# Document Redaction with Azure AI Document Intelligence layout analysis and Azure OpenAI GPT-4o

This sample demonstrates how to use Azure AI Document Intelligence and Azure OpenAI GPT models to redact any required texts from a document. 

![Data Redaction](../../../images/redaction-document-intelligence-openai.png)

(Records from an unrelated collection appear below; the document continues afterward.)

Lemma logstar_aux_ge_of_tower k : forall f n,
  k <= f -> tower k <= n -> k <= logstar_aux f n.
Proof.
elim: k => [|k IH] [|f] n //= Hf Hn.
have Hn1 : 1 < n.
  apply: leq_trans Hn; rewrite -[in X in X < _](expn0 2) ltn_exp2l //.
  exact: leq_ltn_trans (leq0n k) (ltn_tower k).
rewrite ifN -?ltnNge // ltnS; apply: IH => //.
rewrite -(PeanoNat.Nat.log2_pow2 (tower k)); last exact/leP.
by apply/leP/PeanoNat.Nat.log2_le_mono; rewrite pow_expn; exact/leP.
Qed.

Lemma tower_logstar n : 0 < n -> tower (logstar n) <= n.
Proof.
move=> Hn; case: (posnP (logstar n)) => [-> //|Hpos].
exact: tower_le_of_logstar_aux Hpos (leqnn _).
Qed.

Lemma logstar_ge_of_tower k n : tower k <= n -> k <= logstar n.
Proof.
by move=> Hn; apply: (logstar_aux_ge_of_tower (leq_trans (ltnW (ltn_tower k)) Hn) Hn).
Qed.

Definition path_adj (n m : nat) : rel 'I_n :=
  fun u v => (maxn u v < m) && ((u.+1 == v :> nat) || (v.+1 == u :> nat)).
Arguments path_adj : clear implicits.

Lemma path_simple n m : simple_graph (path_adj n m).
Proof.
split=> [u v|u]; first by rewrite /path_adj maxnC orbC.
by apply/negP => /andP [_ /orP [] /eqP]; lia.
Qed.

Lemma max_degree_le2 n (e : rel 'I_n) (f g : 'I_n -> 'I_n) :
  (forall v u, e v u -> u = f v \/ u = g v) -> max_degree_le e 2.
Proof.
move=> Hfg v; apply: leq_trans (_ : #|[set f v; g v]| <= 2); last first.
  by rewrite cards2; case: (_ != _).
by apply/subset_leq_card/subsetP => u; rewrite !inE => /Hfg [] ->; rewrite eqxx ?orbT.
Qed.

Lemma path_max_degree n m : max_degree_le (path_adj n.+1 m) 2.
Proof.
apply: (@max_degree_le2 _ _ (fun v => inord v.-1) (fun v => inord v.+1)) => v u.
have Hu := ltn_ord u; have Hv := ltn_ord v.
by case/andP=> _ /orP [] /eqP E; [right|left]; apply: val_inj; rewrite /= inordK; lia.
Qed.

Lemma inord_neighbours n p (u : 'I_n.+1) : 0 < p < n ->
  (u == inord p.-1) || (u == inord p.+1) = (u.+1 == p) || (p.+1 == u).
Proof.
by move=> Hp; rewrite -!val_eqE /= !inordK; lia.
Qed.

Lemma path_adjE n m p (u : 'I_n.+1) : 0 < p -> p.+1 < m -> m <= n.+1 ->
  path_adj n.+1 m (inord p) u = (u == inord p.-1) || (u == inord p.+1).
Proof. by move=> Hp Hpm Hm; rewrite inord_neighbours /path_adj ?inordK; lia. Qed.

Lemma ring_adjE n p (u : 'I_n.+1) : 0 < p < n ->
  @ring_adj n.+1 (inord p) u = (u == inord p.-1) || (u == inord p.+1).
Proof.
move=> Hp; rewrite inord_neighbours // /ring_adj inordK; last lia.
rewrite (modn_small (_ : p.+1 < n.+1)); last lia.
have [Hu|Hu] := ltnP u n; first by rewrite modn_small; lia.
have -> : u.+1 = n.+1 by have := ltn_ord u; lia.
by rewrite modnn; lia.
Qed.

Definition ids_from (n : nat) (s : seq nat) (v : 'I_n) : nat :=
  nth 0 (s ++ [seq x <- iota 0 n | x \notin s]) v.
Arguments ids_from : clear implicits.

Lemma perm_ids_from n (s : seq nat) : uniq s -> all (fun x => x < n) s ->
  perm_eq (s ++ [seq x <- iota 0 n | x \notin s]) (iota 0 n).
Proof.
move=> Hu /allP Ha; apply: uniq_perm; last 2 first.
- exact: iota_uniq.
- move=> x; rewrite mem_cat mem_filter mem_iota /=.
  by case Hx: (x \in s) => //=; rewrite (Ha x Hx).
rewrite cat_uniq Hu filter_uniq ?iota_uniq //= andbT.
by apply/hasPn => x; rewrite mem_filter => /andP [].
Qed.

Lemma ids_from_valid c n (s : seq nat) : 0 < c -> uniq s -> all (fun x => x < n) s ->
  valid_ids c (ids_from n s).
Proof.
move=> Hc Hu Ha; have Hperm := perm_ids_from Hu Ha.
have Hsize : size (s ++ [seq x <- iota 0 n | x \notin s]) = n.
  by rewrite (perm_size Hperm) size_iota.
split=> [u v|v].
- rewrite /ids_from => /eqP.
  by rewrite nth_uniq ?Hsize ?(perm_uniq Hperm) ?iota_uniq // => /eqP /val_inj.
- have : ids_from n s v \in iota 0 n by rewrite -(perm_mem Hperm) mem_nth ?Hsize.
  rewrite mem_iota /= pow_expn => /leq_trans; apply.
  by rewrite -[X in X <= _]expn1 leq_pexp2l //; case: (posnP n) v => [->[]|].
Qed.

Lemma ids_fromE n (s : seq nat) i : i < size s -> i <= n ->
  ids_from n.+1 s (inord i) = nth 0 s i.
Proof. by move=> Hs Hn; rewrite /ids_from inordK // nth_cat Hs. Qed.

Section PathRun.

Variables (A : local_alg) (n : nat).

(* The run of [A] seen from position [i] of a path whose [j]-th vertex has ID
   [nth 0 w j]; it agrees with a genuine run only at positions [i] farther than
   [t] from both ends of [w]. *)
Fixpoint path_state (w : seq nat) (t i : nat) : St A :=
  match t with
  | 0 => @init A n (nth 0 w i)
  | t'.+1 => @step A (path_state w t' i)
      (fun k => if nth 0 w i.-1 == k then Some (path_state w t' i.-1)
                else if nth 0 w i.+1 == k then Some (path_state w t' i.+1) else None)
  end.

Fixpoint path_output (w : seq nat) (t i : nat) : option (nat -> bool) :=
  match t with
  | 0 => @decide A (path_state w 0 i)
  | t'.+1 => if path_output w t' i is Some o then Some o
             else @decide A (path_state w t'.+1 i)
  end.

Definition path_says (w : seq nat) (t i j : nat) : bool :=
  if path_output w t i is Some o then o (nth 0 w j) else false.

Variables (e : rel 'I_n) (id : 'I_n -> nat) (v : nat -> 'I_n) (w : seq nat).
Hypotheses (Hw : uniq w) (Hid : forall i, i < size w -> id (v i) = nth 0 w i)
  (Hnbr : forall i, 0 < i -> i.+1 < size w ->
            forall u, e (v i) u = (u == v i.-1) || (u == v i.+1)).

Lemma state_path_window t i : t <= i -> i + t < size w ->
  state A e id t (v i) = path_state w t i.
Proof.
elim: t i => [|t IH] i Hti Hs /=.
  by rewrite Hid //; lia.
rewrite IH; [|lia|lia]; congr (step _ _); apply: functional_extensionality => k.
have Hne : nth 0 w i.-1 != nth 0 w i.+1.
  have Hi0 : i.-1 < size w by lia.
  have Hi1 : i.+1 < size w by lia.
  by rewrite nth_uniq //; lia.
case: pickP => [u /andP [Heu /eqP Hk]|Hnone].
- move: Heu; rewrite Hnbr; try lia.
  case/orP => /eqP Eu; subst u k; rewrite Hid; try lia;
    rewrite ?eqxx ?(negbTE Hne) IH //; lia.
- have := Hnone (v i.-1); have := Hnone (v i.+1).
  by rewrite !Hnbr ?eqxx ?orbT ?Hid //=; try lia; move=> -> ->.
Qed.

Lemma output_path_window t i : t <= i -> i + t < size w ->
  output A e id t (v i) = path_output w t i.
Proof.
elim: t i => [|t IH] i Hti Hs; have /= := state_path_window Hti Hs.
  by move=> /= ->.
by move=> /= ->; rewrite IH //; lia.
Qed.

End PathRun.

Lemma output_stable A n (e : rel 'I_n) id t v o :
  output A e id t v = Some o -> forall d, output A e id (t + d) v = Some o.
Proof. by move=> H; elim=> [|d IH]; rewrite ?addn0 ?addnS //= IH. Qed.

Lemma output_decided_eq A n (e : rel 'I_n) id t1 t2 v :
  output A e id t1 v <> None -> output A e id t2 v <> None ->
  output A e id t1 v = output A e id t2 v.
Proof.
case E1: (output A e id t1 v) => [o1|] // _; case E2: (output A e id t2 v) => [o2|] // _.
have [le|le] := leqP t1 t2.
- by have := output_stable E1 (t2 - t1); rewrite subnKC // E2.
- by have := output_stable E2 (t1 - t2); rewrite subnKC ?(ltnW le) // E1.
Qed.

Lemma all_decided_monotone A n (e : rel 'I_n) id r1 r2 :
  all_decided A e id r1 -> r1 <= r2 -> all_decided A e id r2.
Proof.
move=> H le v; have := H v; case E: (output A e id r1 v) => [o|] // _.
by have := output_stable E (r2 - r1); rewrite subnKC // => ->.
Qed.

Lemma size_window (s : seq nat) k i : i + k <= size s -> size (take k (drop i s)) = k.
Proof. by move=> Hi; rewrite size_take size_drop; case: ifP => //; lia. Qed.

Lemma all_window (P : pred nat) (s : seq nat) k i : all P s -> all P (take k (drop i s)).
Proof. by move/allP => Hs; apply/allP => y /mem_take /mem_drop /Hs. Qed.

Lemma size_uniq_bounded N (s : seq nat) : uniq s -> all (fun x => x < N) s -> size s <= N.
Proof.
move=> Hu /allP Hall; rewrite -(size_iota 0 N); apply: uniq_leq_size Hu _.
by move=> y Hy; rewrite mem_iota /= Hall.
Qed.

Lemma path_output_window A n (s : seq nat) k i t j :
  uniq s -> all (fun x => x < n.+1) s -> i + k <= size s -> t <= j -> j + t < k ->
  output A (path_adj n.+1 (size s)) (ids_from n.+1 s) t (inord (i + j))
  = path_output A n.+1 (take k (drop i s)) t j.
Proof.
move=> Hu Hall Hi Htj Hjk; have Hs := size_uniq_bounded Hu Hall.
apply: (output_path_window A (v := fun j => inord (i + j))) => //;
  rewrite ?size_window //.
- exact/take_uniq/drop_uniq.
- by move=> j' Hj'; rewrite ids_fromE ?nth_take ?nth_drop //; lia.
- move=> j' Hj0 Hj1 u; rewrite path_adjE; try lia.
  by rewrite -addnS; have -> : (i + j').-1 = i + j'.-1 by lia.
Qed.

Lemma ring_output_window A n (w : seq nat) t j :
  uniq w -> size w <= n.+1 -> t <= j -> j + t < size w ->
  output A (@ring_adj n.+1) (ids_from n.+1 w) t (inord j) = path_output A n.+1 w t j.
Proof.
move=> Hu Hw Htj Hjw; apply: (output_path_window A (v := inord)) => // j' Hj'.
  by rewrite ids_fromE //; lia.
by move=> Hj1 u; rewrite ring_adjE //; lia.
Qed.

(* For [x] of width [2r+2], the middle edge joins positions [r] and [r+1]. *)
Definition middle_edge_selected (A : local_alg) (n r : nat) (x : seq nat) : bool :=
  path_says A n x r r r.+1 && path_says A n x r r.+1 r.

Lemma out_matching_window c A n t (s : seq nat) r i :
  0 < c -> uniq s -> all (fun x => x < n.+1) s ->
  (forall id, valid_ids c id -> all_decided A (@ring_adj n.+1) id t) ->
  all_decided A (path_adj n.+1 (size s)) (ids_from n.+1 s) r ->
  i + (2 * t).+2 <= size s ->
  out_matching A (path_adj n.+1 (size s)) (ids_from n.+1 s) r (inord (i + t))
    (inord (i + t).+1)
  = middle_edge_selected A n.+1 t (take (2 * t).+2 (drop i s)).
Proof.
move=> Hc Hu Hall Hring Hdec Hi; have Hs := size_uniq_bounded Hu Hall.
set x := take (2 * t).+2 (drop i s).
have Hx : size x = (2 * t).+2 := size_window Hi.
have Hux : uniq x by exact/take_uniq/drop_uniq.
have Hring_x := Hring _ (ids_from_valid Hc Hux (all_window _ _ Hall)).
(* On the ring labelled by [x] both endpoints of the middle edge decide within
   [t] rounds, and there they see the same neighbourhood as on the path. *)
have Hout j : t <= j <= t.+1 ->
    output A (path_adj n.+1 (size s)) (ids_from n.+1 s) r (inord (i + j))
    = path_output A n.+1 x t j.
  move=> Hj; have Hpath t' := @path_output_window A n s _ i t' j Hu Hall Hi.
  rewrite -Hpath; try lia.
  apply: output_decided_eq (Hdec _) _; rewrite Hpath; try lia.
  by rewrite -ring_output_window ?Hx //; try lia; exact: Hring_x.
rewrite -addnS /out_matching /says !Hout; try lia.
rewrite /path_adj !inordK; try lia.
rewrite /middle_edge_selected /path_says !ids_fromE; try lia.
by rewrite /x !nth_take ?nth_drop; try lia; rewrite maxnSS ?eqxx /=; lia.
Qed.

Lemma matching_partner_unique n (e M : rel 'I_n) v u1 u2 :
  is_matching e M -> M v u1 -> M v u2 -> u1 = u2.
Proof.
move=> [_ [_ Hdeg]] H1 H2; case: (eqVneq u1 u2) => // Hne; exfalso.
have := Hdeg v; rewrite leqNgt => /negP; apply.
apply: leq_trans (_ : #|[set u1; u2]| <= _); first by rewrite cards2 Hne.
by apply/subset_leq_card/subsetP => u; rewrite !inE => /orP [] /eqP ->.
Qed.

Definition even_path_matching (n m : nat) : rel 'I_n :=
  fun u v => path_adj n m u v && ~~ odd (minn u v).
Arguments even_path_matching : clear implicits.

Lemma even_path_matchingP n m : is_matching (path_adj n.+1 m) (even_path_matching n.+1 m).
Proof.
split; [|split].
- by move=> u v; rewrite /even_path_matching minnC (path_simple n.+1 m).1.
- by move=> u v /andP [].
- move=> v; apply: leq_trans (_ : #|[set inord (if odd v then v.-1 else v.+1)]| <= 1);
    last by rewrite cards1.
  apply/subset_leq_card/subsetP => u; rewrite !inE /even_path_matching /path_adj.
  have Hu := ltn_ord u; have Hv := ltn_ord v.
  case/andP => /andP [_ /orP [] /eqP E] Hodd; apply/eqP/val_inj.
  + rewrite -E (minn_idPl (leqnSn _)) in Hodd.
    by rewrite (negbTE Hodd) /= inordK; lia.
  + rewrite -E (minn_idPr (leqnSn _)) in Hodd.
    by rewrite -E /= (negbTE Hodd) inordK; lia.
Qed.

Lemma even_path_matching_size n m : m <= n.+1 -> m./2 <= msize (even_path_matching n.+1 m).
Proof.
move=> Hmn.
pose f (j : 'I_m./2) : 'I_n.+1 * 'I_n.+1 := (inord (2 * j), inord (2 * j).+1).
have Hj (j : 'I_m./2) : (2 * j).+1 < m.
  by have := ltn_ord j; have := odd_double_half m; lia.
have Hf : injective f.
  move=> j1 j2 [] /(congr1 val) E _; apply: val_inj; move: E => /=.
  by move: (Hj j1) (Hj j2) => H1 H2; rewrite !inordK; lia.
rewrite -{1}(card_ord m./2) -(card_imset _ Hf) /msize.
apply/subset_leq_card/subsetP => p /imsetP [j _ ->].
have Hjm := Hj j; rewrite inE /= /even_path_matching /path_adj !inordK; lia.
Qed.

Lemma msize_near_ends n m (M : rel 'I_n.+1) r :
  subrel M (path_adj n.+1 m) ->
  (forall a, r <= a -> a + r + 2 <= m -> M (inord a) (inord a.+1) = false) ->
  msize M <= 2 * r.
Proof.
move=> HMe Hmid.
set P := [set p : 'I_n.+1 * 'I_n.+1 | M p.1 p.2 && (p.1 < p.2)].
have HP p : p \in P -> [/\ p.2 = p.1.+1 :> nat, p.2 < m & p.1 < r \/ m <= p.1 + r + 1].
  case: p => a b; rewrite inE /= => /andP [HM Hab].
  have := HMe _ _ HM; rewrite /path_adj => /andP [Hm /orP [] /eqP E]; last lia.
  split; [by [] | lia |]; case: (ltnP a r) => Har; [by left | right].
  rewrite leqNgt; apply/negP => Hlt; move: (Hmid a Har (ltac:(lia))).
  have -> : inord a = a by apply: val_inj; rewrite /= inordK.
  have Hb := ltn_ord b.
  have -> : inord a.+1 = b by apply: val_inj; rewrite /= inordK; lia.
  by rewrite HM.
have Hinj : {in P &, injective (fun p : 'I_n.+1 * 'I_n.+1 => p.1)}.
  move=> [a1 b1] [a2 b2] /HP [E1 _ _] /HP [E2 _ _] /= E; subst a2.
  by congr pair; apply: val_inj; move: E1 E2 => /= -> ->.
rewrite /msize -/P -(card_in_imset Hinj).
set l := [seq inord j : 'I_n.+1 | j <- iota 0 r ++ iota (m - r - 1) r].
apply: leq_trans (_ : #|l| <= 2 * r); last first.
  by apply: leq_trans (card_size _) _; rewrite size_map size_cat !size_iota; lia.
apply/subset_leq_card/subsetP => a /imsetP [[a' b] /HP [/= E Hm Hr] ->].
apply/mapP; exists (nat_of_ord a'); last by apply: val_inj; rewrite /= inordK.
by rewrite mem_cat !mem_iota; lia.
Qed.

Section RingLowerBound.

Variables (rho : R) (c : nat) (A : local_alg) (n : nat).
Hypotheses (Hrho : (0 <= rho)%R) (Hc : 0 < c)
  (Hcorrect : forall (e : rel 'I_n.+1) (id : 'I_n.+1 -> nat),
     simple_graph e -> max_degree_le e 2 -> valid_ids c id -> correct_on rho A e id).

This is achieved by the following process:

- Analyze a document using Azure AI Document Intelligence's `prebuilt-layout` model to perform advanced OCR analysis, extracting per-page text and words (including bounding boxes).
- For each page:
  - Construct a system prompt that defines the instruction for locating words to redact.
  - Construct a user prompt that includes specific details for what to redact, and the page analysis result.
  - Use the Azure OpenAI chat completions API with the GPT-4o model to generate a structured output from the content that details the words to redact from the document page.
  - Redact over each word to remove from the document page using the bounding boxes provided by the analysis result.
- Save the redacted document to an output file.

## Use Cases

- Pre-procesing of documents for compliance with data privacy regulations ahead of downstream processing.
- Need for customized redaction rules based on your specific requirements using natural language instructions.

## Objectives

By the end of this sample, you will have learned how to:

- Perform OCR analysis on a document using Azure AI Document Intelligence.
- Use prompt engineering techniques to instruct GPT-4o to locate specific words to redact from the OCR analysis result.
- Use the [Structured Outputs feature](https://learn.microsoft.com/en-us/azure/ai-services/openai/how-to/structured-outputs?tabs=python-secure) to generate a consistent response from Azure OpenAI's GPT-4o model.
- Redact words from a document using the results from the GPT-4o model.
- Save the redacted document to an output file.

## Useful Tips

- Combine this technique with a [page classification](../classification/README.md) approach to reduce the number of pages to redact to only those that match your criteria for redaction.
- You can also combine this technique with a post-processing [document data extraction](../extraction/README.md) approach to extract specific information from the document after redaction.

## Setup

### Import modules

This sample takes advantage of the following .NET dependencies:

- **Azure.AI.DocumentIntelligence** to interface with the Azure AI Document Intelligence API for analyzing documents.
- **Azure.AI.OpenAI** to interface with the Azure OpenAI chat completions API to generate structured redaction outputs using the GPT-4o model.
- **Azure.Identity** to securely authenticate with deployed Azure Services using Microsoft Entra ID credentials.
- **pdf2image-dotnet** for converting a PDF file into a set of images per page.
- **SkiaSharp** for manipulating the page images to redact words.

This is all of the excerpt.